Statistical Analyses
Statistical analyses were performed using a commercial statistical software package (JMP, version 7.0; SAS Institute, Cary, NC). The distribution of the data was determined first by the Shapiro-Wilk tests. The significance of the differences in the VEGF, erythropoietin, and endostatin levels among the different groups was determined with the Mann-Whitney test or with the Wilcoxon matched-pairs signed-ranks tests. The differences between control versus preoperative groups or between control versus postoperative groups were determined with the Mann-Whitney tests, and the difference between the preoperative versus postoperative groups was analyzed with the Wilcoxon matched-pairs signed-ranks tests. The correlation between VEGF, erythropoietin, or endostatin and the interval between the initial vitrectomy and the secondary IOL implantation was determined by the Spearman coefficient of correlation. Data are presented as the means ± SDs. 
Results
Clinical Data
A total of 38 eyes of 33 participants completed the study. Of the 33 patients, 26 were men and 13 were women (Table 1).
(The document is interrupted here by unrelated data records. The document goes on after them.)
(* Let $B$ be a finitely realizable hypergroup and $A$ a normal sub-hypergroup of $B$. Then $A$ and the quotient hypergroup $B/A$ are finitely realizable.
   Context: A hypergroup is a nonempty set $H$ with $*:H\times H\to P^*(H)$ (nonempty subsets), extended to subsets by unions, which is associative, has a unique identity $e$, unique inverses $h^{-1}$ with $e\in(h^{-1}*h)\cap(h*h^{-1})$, and is reversible ($c\in a*b\Rightarrow a\in c*b^{-1},\ b\in a^{-1}*c$). A sub-hypergroup is a subset which is a hypergroup under the restricted hyperoperation; it is normal, $A$ say, if $bA=Ab$ for all $b\in B$ (with $bA=\{b\}*A$). The quotient $B/A$ is the hypergroup on the cosets $\{bA:b\in B\}$ with $(xA)(yA)=\{zA: z\in xA*yA\}$. For a nonempty set $X$: $1_X$ is the diagonal, $p^*=\{(a,b):(b,a)\in p\}$, $xp=\{y:(x,y)\in p\}$. An association scheme on $X$ is a partition $S$ of $X\times X$ with $1_X\in S$, closed under $p\mapsto p^*$, such that for all $p,q,r\in S$ there is a cardinal $a_{pq}^r$ with $|yp\cap zq^*|=a_{pq}^r$ for all $y\in X$, $z\in yr$. $\mathbf{H}(S)$ is the hypergroup on $S$ with $p*q=\{r: a_{pq}^r\ge1\}$, identity $1_X$, inverse $p^*$. A hypergroup is finitely realizable if it is isomorphic to $\mathbf{H}(S)$ for an association scheme $S$ on a finite set. *)

From mathcomp Require Import all_boot.
Set Implicit Arguments. Unset Strict Implicit. Unset Printing Implicit Defensive.

Section Hypergroups.
Variable T : Type.

(* A hyperoperation is a relation [mul x y z] meaning "z is in x * y".
   A hypergroup is a carrier [H : T -> Prop] with such a hyperoperation. *)

Definition hg_assoc (H : T -> Prop) (mul : T -> T -> T -> Prop) :=
  forall x y z, H x -> H y -> H z -> forall w,
    (exists u, mul x y u /\ mul u z w) <-> (exists v, mul y z v /\ mul x v w).

Definition hg_identity (H : T -> Prop) (mul : T -> T -> T -> Prop) (e : T) :=
  H e /\ forall x, H x -> forall w, (mul e x w <-> w = x) /\ (mul x e w <-> w = x).

Definition is_hypergroup (H : T -> Prop) (mul : T -> T -> T -> Prop) : Prop :=
  (exists x, H x) /\
  (forall x y, H x -> H y -> (exists z, mul x y z) /\ (forall z, mul x y z -> H z)) /\
  hg_assoc H mul /\
  exists (e : T) (inv : T -> T),
    hg_identity H mul e /\
    (forall e', hg_identity H mul e' -> e' = e) /\
    (forall h, H h -> H (inv h) /\ mul (inv h) h e /\ mul h (inv h) e) /\
    (forall h h', H h -> H h' -> mul h' h e -> mul h h' e -> h' = inv h) /\
    (forall a b c, H a -> H b -> H c -> mul a b c ->
       mul c (inv b) a /\ mul (inv a) c b).

Definition is_subhypergroup (B : T -> Prop) (mul : T -> T -> T -> Prop)
    (A : T -> Prop) : Prop :=
  (forall x, A x -> B x) /\
  (forall x y z, A x -> A y -> mul x y z -> A z) /\
  is_hypergroup A mul.

Definition lcoset (mul : T -> T -> T -> Prop) (A : T -> Prop) (b : T) : T -> Prop :=
  fun z => exists a, A a /\ mul b a z.
Definition rcoset (mul : T -> T -> T -> Prop) (A : T -> Prop) (b : T) : T -> Prop :=
  fun z => exists a, A a /\ mul a b z.

Definition is_normal_subhypergroup (B : T -> Prop) (mul : T -> T -> T -> Prop)
    (A : T -> Prop) : Prop :=
  is_subhypergroup B mul A /\
  forall b, B b -> forall z, lcoset mul A b z <-> rcoset mul A b z.

(* Quotient B/A: carrier = the cosets bA (b in B), as subsets of T;
   (xA)(yA) = { zA : z in xA * yA }. *)
Definition quot_carrier (B : T -> Prop) (mul : T -> T -> T -> Prop)
    (A : T -> Prop) : (T -> Prop) -> Prop :=
  fun X => exists b, B b /\ X = lcoset mul A b.

Definition quot_mul (mul : T -> T -> T -> Prop) (A : T -> Prop) :
    (T -> Prop) -> (T -> Prop) -> (T -> Prop) -> Prop :=
  fun X Y Z => exists z, Z = lcoset mul A z /\
     exists u v, X u /\ Y v /\ mul u v z.

End Hypergroups.

Definition hg_iso (T1 T2 : Type) (H1 : T1 -> Prop) (mul1 : T1 -> T1 -> T1 -> Prop)
    (H2 : T2 -> Prop) (mul2 : T2 -> T2 -> T2 -> Prop) : Prop :=
  exists f : T1 -> T2,
    (forall x, H1 x -> H2 (f x)) /\
    (forall x y, H1 x -> H1 y -> f x = f y -> x = y) /\
    (forall y, H2 y -> exists x, H1 x /\ f x = y) /\
    (forall x y, H1 x -> H1 y -> forall w,
        mul2 (f x) (f y) w <-> exists z, mul1 x y z /\ f z = w).

Section Schemes.
Variable X : finType.

Definition diag_rel : {set X * X} := [set xy | xy.1 == xy.2].
Definition transp_rel (p : {set X * X}) : {set X * X} :=
  [set xy | (xy.2, xy.1) \in p].

(* |yp ∩ zq^*| = #{ w | (y,w) in p and (w,z) in q } *)
Definition inter_count (p q : {set X * X}) (y z : X) : nat :=
  #|[set w | ((y, w) \in p) && ((w, z) \in q)]|.

Definition is_assoc_scheme (S : {set {set X * X}}) : Prop :=
  (exists x : X, True) /\
  partition S [set: X * X] /\
  diag_rel \in S /\
  (forall p, p \in S -> transp_rel p \in S) /\
  (forall p q r, p \in S -> q \in S -> r \in S ->
     exists a : nat, forall y z, (y, z) \in r -> inter_count p q y z = a).

(* H(S): p * q = { r in S : a_pq^r >= 1 } *)
Definition HS_mul (S : {set {set X * X}}) (p q r : {set X * X}) : Prop :=
  r \in S /\ exists y z, (y, z) \in r /\ 0 < inter_count p q y z.

End Schemes.

Definition finitely_realizable (T : Type) (H : T -> Prop)
    (mul : T -> T -> T -> Prop) : Prop :=
  exists (X : finType) (S : {set {set X * X}}),
    is_assoc_scheme S /\ hg_iso H mul (fun p => p \in S) (HS_mul S).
Their mean age was 56.9 ± 9.6 years (range 34–79 years), and the mean duration of diabetes was 10.5 ± 9.8 years (range 3–40 years). All of the eyes were diagnosed with PDR, and vitreous hemorrhage was present in 20 eyes. The mean hemoglobin A1c (HbA1c) was 7.2 ± 1.6% (range 6.0%–10.4%). Of the eyes 35 had FVMs and 7 had tractional retinal detachment. Previous laser therapy had been performed on 30 eyes, and 8 eyes had not undergone retinal photocoagulation before the vitreous surgery. 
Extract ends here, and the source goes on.